Pelosi ha sido una de las grandes defensoras de la libertad de los miembros del Congreso de operar con acciones al mismo tiempo que se sigan las reglas dictaminadas por el STOCK Act en el año 2012, según el cual los miembros del Congreso no pueden utilizar información que no sea de carácter público para generar beneficios personales.

Esta ley, aunque bien pensada conceptualmente, es casi imposible de llevarla a la práctica, por lo que los diputados y senadores siguen operando con información privilegiada sobre las distintas legislaciones que impactarán en los precios de las acciones bursátiles.

Con el avance de las operaciones virtuales debido a las imposiciones surgidas por la pandemia, también se incrementó la utilización de fuentes privadas y muchas veces internas para operar en el mercado, sin las cuales sería prácticamente imposible superar en rendimiento a ciertas medidoras como el S&P 500.

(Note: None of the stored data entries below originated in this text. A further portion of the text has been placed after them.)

(* Let $\nu=(\nu_x,\nu_y,\nu_t)\in\mathbb{S}^{2n}$ with $\nu_t=0$, let $d\in\mathbb{R}$ and $\Pi^+_{\nu,d}=\{\xi\in\mathbb{R}^{2n+1}:\langle\xi,\nu\rangle>d\}$. Then for every $u\in C_0^\infty(\Pi^+_{\nu,d})$, \[ \int_{\Pi^+_{\nu,d}}|\nabla_{\mathbb{H}^n}u|^2\,d\xi\ge\frac14\int_{\Pi^+_{\nu,d}}\frac{|u|^2}{\operatorname{dist}(\xi,\partial\Pi^+_{\nu,d})^2}\,d\xi . \]
   Context: $\mathbb{H}^n$ is $\mathbb{R}^{2n+1}$ with points $\xi=(x,y,t)$, $x,y\in\mathbb{R}^n$, $t\in\mathbb{R}$; correspondingly $\nu=(\nu_x,\nu_y,\nu_t)$ with $\nu_x,\nu_y\in\mathbb{R}^n$, $\nu_t\in\mathbb{R}$. For $1\le i\le n$, $X_i=\partial_{x_i}+2y_i\partial_t$, $Y_i=\partial_{y_i}-2x_i\partial_t$; $\nabla_{\mathbb{H}^n}u=(X_1u,\dots,X_nu,Y_1u,\dots,Y_nu)$ and $|\nabla_{\mathbb{H}^n}u|^2=\sum_i(|X_iu|^2+|Y_iu|^2)$. $\langle\cdot,\cdot\rangle$ is the Euclidean inner product, $\mathbb{S}^{2n}$ the Euclidean unit sphere in $\mathbb{R}^{2n+1}$, $\operatorname{dist}$ the Euclidean distance. Functions are real-valued. *)

(* classical reals. Points of R^m are encoded as functions
   nat -> R whose coordinates of index >= m vanish. *)
From Stdlib Require Import Reals Lra.
Open Scope R_scope.

Fixpoint fsum (k : nat) (f : nat -> R) : R :=
  match k with O => 0 | S k' => fsum k' f + f k' end.

Definition pt (m : nat) (p : nat -> R) : Prop := forall i, (m <= i)%nat -> p i = 0.

Definition upd (p : nat -> R) (i : nat) (v : R) : nat -> R :=
  fun j => if Nat.eqb j i then v else p j.

Definition inner (m : nat) (p q : nat -> R) : R := fsum m (fun i => p i * q i).

Definition eucl_dist (m : nat) (p q : nat -> R) : R :=
  sqrt (fsum m (fun i => (p i - q i) ^ 2)).

Definition cont (m : nat) (f : (nat -> R) -> R) : Prop :=
  forall p, pt m p -> forall eps, 0 < eps -> exists del, 0 < del /\
    forall q, pt m q -> (forall i, (i < m)%nat -> Rabs (q i - p i) < del) ->
      Rabs (f q - f p) < eps.

Definition is_partial (m : nat) (f : (nat -> R) -> R) (i : nat)
  (df : (nat -> R) -> R) : Prop :=
  forall p, pt m p -> derivable_pt_lim (fun s => f (upd p i s)) (p i) (df p).

CoInductive smooth (m : nat) (f : (nat -> R) -> R) : Prop :=
  smooth_intro : cont m f ->
    (forall i, (i < m)%nat -> exists df, is_partial m f i df /\ smooth m df) ->
    smooth m f.

(* Riemann sums over the grid (Z/N)^m ∩ [-N,N]^m *)
Fixpoint gridsum (m N : nat) (g : (nat -> R) -> R) : R :=
  match m with
  | O => g (fun _ => 0)
  | S m' => fsum (2 * N * N + 1) (fun j =>
        gridsum m' N (fun p => g (upd p m' ((INR j - INR (N * N)) / INR N))))
  end.

Definition riemann_sum (m N : nat) (g : (nat -> R) -> R) : R :=
  gridsum m N g / (INR N) ^ m.

(* I is the integral over R^m of g (g continuous, compactly supported) *)
Definition integral_is (m : nat) (g : (nat -> R) -> R) (I : R) : Prop :=
  Un_cv (fun N => riemann_sum m N g) I.

Definition is_inf (E : R -> Prop) (r : R) : Prop :=
  (forall x, E x -> r <= x) /\ (forall r', (forall x, E x -> r' <= x) -> r' <= r).

(* Heisenberg group H^n on R^(2n+1): x_i = index i, y_i = index n+i, t = index 2n *)
Definition Xfield (n : nat) (Du : nat -> (nat -> R) -> R) (i : nat) (p : nat -> R) : R :=
  Du i p + 2 * p (n + i)%nat * Du (2 * n)%nat p.
Definition Yfield (n : nat) (Du : nat -> (nat -> R) -> R) (i : nat) (p : nat -> R) : R :=
  Du (n + i)%nat p - 2 * p i * Du (2 * n)%nat p.
Definition gradH2 (n : nat) (Du : nat -> (nat -> R) -> R) (p : nat -> R) : R :=
  fsum n (fun i => (Xfield n Du i p) ^ 2 + (Yfield n Du i p) ^ 2).

(* Write [S(xi) = <xi, nu> - d], which for [xi] in the half-space is at most the
   distance to its boundary, and [a = (nu_x, nu_y, 2 omega(nu, xi))] with
   [omega(nu, xi) = sum_i nu_{x_i} y_i - nu_{y_i} x_i].  Because [nu_t = 0],
   [a . grad u = sum_i nu_{x_i} X_i u + nu_{y_i} Y_i u], so Cauchy-Schwarz gives
   [(a . grad u)^2 <= |grad_H u|^2]; completing the square with [a . nu = 1] gives
   [(a . grad u)^2 >= a . grad G + u^2 / (4 S^2)] for [G = u^2 / (2 S)].  Finally
   [a_k] does not depend on [xi_k], so [a . grad G] integrates to zero.  On the
   Riemann sums defining the integrals this is a discrete integration by parts:
   the grid is invariant under a shift by one mesh step, and the mean value
   theorem together with the uniform continuity of the compactly supported
   [d_k G] controls the error. *)

From Stdlib Require Import Reals Lra Lia Arith.
From Stdlib Require Import FunctionalExtensionality Classical ClassicalDescription.
Open Scope R_scope.

Lemma fsum_ext k f g : (forall i, (i < k)%nat -> f i = g i) -> fsum k f = fsum k g.
Proof.
  induction k as [|k IH]; intros H; simpl; auto.
  rewrite IH, H; auto; intros; apply H; lia.
Qed.

Lemma fsum_plus k f g : fsum k (fun i => f i + g i) = fsum k f + fsum k g.
Proof. induction k as [|k IH]; simpl; [lra|]. rewrite IH; lra. Qed.

Lemma fsum_scal k c f : fsum k (fun i => c * f i) = c * fsum k f.
Proof. induction k as [|k IH]; simpl; [lra|]. rewrite IH; lra. Qed.

Lemma fsum_minus k f g : fsum k (fun i => f i - g i) = fsum k f - fsum k g.
Proof. induction k as [|k IH]; simpl; [lra|]. rewrite IH; lra. Qed.

Lemma fsum_le k f g : (forall i, (i < k)%nat -> f i <= g i) -> fsum k f <= fsum k g.
Proof.
  induction k as [|k IH]; intros H; simpl; [lra|].
  assert (f k <= g k) by (apply H; lia).
  assert (fsum k f <= fsum k g) by (apply IH; intros; apply H; lia). lra.
Qed.

Lemma fsum_ge0 k f : (forall i, (i < k)%nat -> 0 <= f i) -> 0 <= fsum k f.
Proof.
  intros H. apply Rle_trans with (fsum k (fun _ => 0)); [|now apply fsum_le].
  clear H; induction k as [|k IH]; simpl; lra.
Qed.

Lemma fsum_abs k f : Rabs (fsum k f) <= fsum k (fun i => Rabs (f i)).
Proof.
  induction k as [|k IH]; simpl; [rewrite Rabs_R0; lra|].
  eapply Rle_trans; [apply Rabs_triang | lra].
Qed.

Lemma fsum_le_const k f c : (forall i, (i < k)%nat -> f i <= c) -> fsum k f <= INR k * c.
Proof.
  induction k as [|k IH]; intros H; simpl fsum; [simpl; lra|]. rewrite S_INR.
  assert (f k <= c) by (apply H; lia).
  assert (fsum k f <= INR k * c) by (apply IH; intros; apply H; lia). lra.
Qed.

Lemma fsum_term_le k f j :
  (forall i, (i < k)%nat -> 0 <= f i) -> (j < k)%nat -> f j <= fsum k f.
Proof.
  induction k as [|k IH]; intros H Hj; [lia|]. simpl.
  assert (0 <= f k) by (apply H; lia).
  destruct (Nat.eq_dec j k) as [->|Hjk].
  - assert (0 <= fsum k f) by (apply fsum_ge0; intros; apply H; lia). lra.
  - assert (f j <= fsum k f) by (apply IH; [intros; apply H|]; lia). lra.
Qed.

Lemma fsum_add a b f : fsum (a + b) f = fsum a f + fsum b (fun i => f (a + i)%nat).
Proof.
  induction b as [|b IH]; simpl; [rewrite Nat.add_0_r; lra|].
  rewrite Nat.add_succ_r. simpl. rewrite IH; lra.
Qed.

Lemma fsum_succ_shift M F : fsum M (fun j => F (S j)) = fsum M F + F M - F O.
Proof. induction M as [|M IH]; simpl; [lra|]. rewrite IH; lra. Qed.

Lemma upd_same p i v : upd p i v i = v.
Proof. unfold upd. now rewrite Nat.eqb_refl. Qed.

Lemma upd_other p i v j : j <> i -> upd p i v j = p j.
Proof. intros H. unfold upd. destruct (Nat.eqb_spec j i); [lia | auto]. Qed.

Lemma upd_upd p i a b : upd (upd p i a) i b = upd p i b.
Proof. apply functional_extensionality; intros j. unfold upd. now destruct (Nat.eqb j i). Qed.

Lemma upd_comm p i j a b : i <> j -> upd (upd p i a) j b = upd (upd p j b) i a.
Proof.
  intros H. apply functional_extensionality; intros k. unfold upd.
  destruct (Nat.eqb_spec k j), (Nat.eqb_spec k i); auto; lia.
Qed.

Lemma upd_id p i : upd p i (p i) = p.
Proof.
  apply functional_extensionality; intros j. unfold upd.
  destruct (Nat.eqb_spec j i); now subst.
Qed.

Lemma pt_upd m p i v : pt m p -> (i < m)%nat -> pt m (upd p i v).
Proof. intros H Hi j Hj. rewrite upd_other by lia. auto. Qed.

Lemma pt_upd_last m p v : pt m p -> pt (S m) (upd p m v).
Proof. intros H j Hj. rewrite upd_other by lia. apply H; lia. Qed.

Lemma pt_zero : pt 0 (fun _ => 0).
Proof. now intros i _. Qed.

Lemma inner_upd m p v k y :
  (k < m)%nat -> inner m (upd p k y) v = inner m p v + (y - p k) * v k.
Proof.
  unfold inner. induction m as [|m IH]; intros Hk; [lia|]. simpl.
  destruct (Nat.eq_dec k m) as [->|Hkm].
  - rewrite upd_same, (fsum_ext m _ (fun i => p i * v i)); [lra|].
    intros; now rewrite upd_other by lia.
  - rewrite IH, upd_other by lia. lra.
Qed.

Definition close (m : nat) (del : R) (p q : nat -> R) : Prop :=
  forall i, (i < m)%nat -> Rabs (q i - p i) < del.

Definition in_box (m : nat) (L : R) (p : nat -> R) : Prop :=
  forall i, (i < m)%nat -> Rabs (p i) <= L.

Lemma Rabs_le_between x a : Rabs x <= a -> - a <= x <= a.
Proof. unfold Rabs; destruct Rcase_abs; lra. Qed.

Definition grid_point (N j : nat) : R := (INR j - INR (N * N)) / INR N.

Lemma gridsum_S m N g :
  gridsum (S m) N g =
  fsum (2 * N * N + 1) (fun j => gridsum m N (fun p => g (upd p m (grid_point N j)))).
Proof. reflexivity. Qed.

Lemma gridsum_ext m N g h : (forall p, pt m p -> g p = h p) -> gridsum m N g = gridsum m N h.
Proof.
  revert g h; induction m as [|m IH]; intros g h H; [apply H, pt_zero|].
  rewrite !gridsum_S. apply fsum_ext; intros j _. apply IH.
  intros p Hp. apply H, pt_upd_last, Hp.
Qed.

Lemma gridsum_plus m N g h :
  gridsum m N (fun p => g p + h p) = gridsum m N g + gridsum m N h.
Proof.
  revert g h; induction m as [|m IH]; intros g h; [reflexivity|].
  rewrite !gridsum_S, <- fsum_plus. apply fsum_ext; intros j _. apply IH.
Qed.

Lemma gridsum_scal m N c g : gridsum m N (fun p => c * g p) = c * gridsum m N g.
Proof.
  revert g; induction m as [|m IH]; intros g; [reflexivity|].
  rewrite !gridsum_S, <- fsum_scal. apply fsum_ext; intros j _. apply IH.
Qed.

Lemma gridsum_minus m N g h :
  gridsum m N (fun p => g p - h p) = gridsum m N g - gridsum m N h.
Proof.
  replace (gridsum m N g - gridsum m N h) with (gridsum m N g + -1 * gridsum m N h) by ring.
  rewrite <- gridsum_scal, <- gridsum_plus. apply gridsum_ext; intros; ring.
Qed.

Lemma gridsum_zero m N g : (forall p, pt m p -> g p = 0) -> gridsum m N g = 0.
Proof.
  intros H. rewrite (gridsum_ext m N g (fun p => 0 * 0)), gridsum_scal; [ring|].
  intros p Hp. rewrite H; auto; ring.
Qed.

Lemma gridsum_le m N g h : (forall p, pt m p -> g p <= h p) -> gridsum m N g <= gridsum m N h.
Proof.
  revert g h; induction m as [|m IH]; intros g h H; [apply H, pt_zero|].
  rewrite !gridsum_S. apply fsum_le; intros j _. apply IH.
  intros p Hp. apply H, pt_upd_last, Hp.
Qed.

Las discusiones para crear leyes que regulen o prohíban el método que utiliza Nancy Pelosi para operar en el mercado de capitales ha traído apoyo tanto del Partido Demócrata con impulsores como la senadora Elizabeth Warren (D-MA) y la representante Alexandria Ocasio-Cortez (D-NY), así como también del Partido Republicano con apoyo del representante Chip Roy (R-TX) y el senador Blake Masters (R-AZ), pero por ahora, el bloqueo de Pelosi ha sido inquebrantable.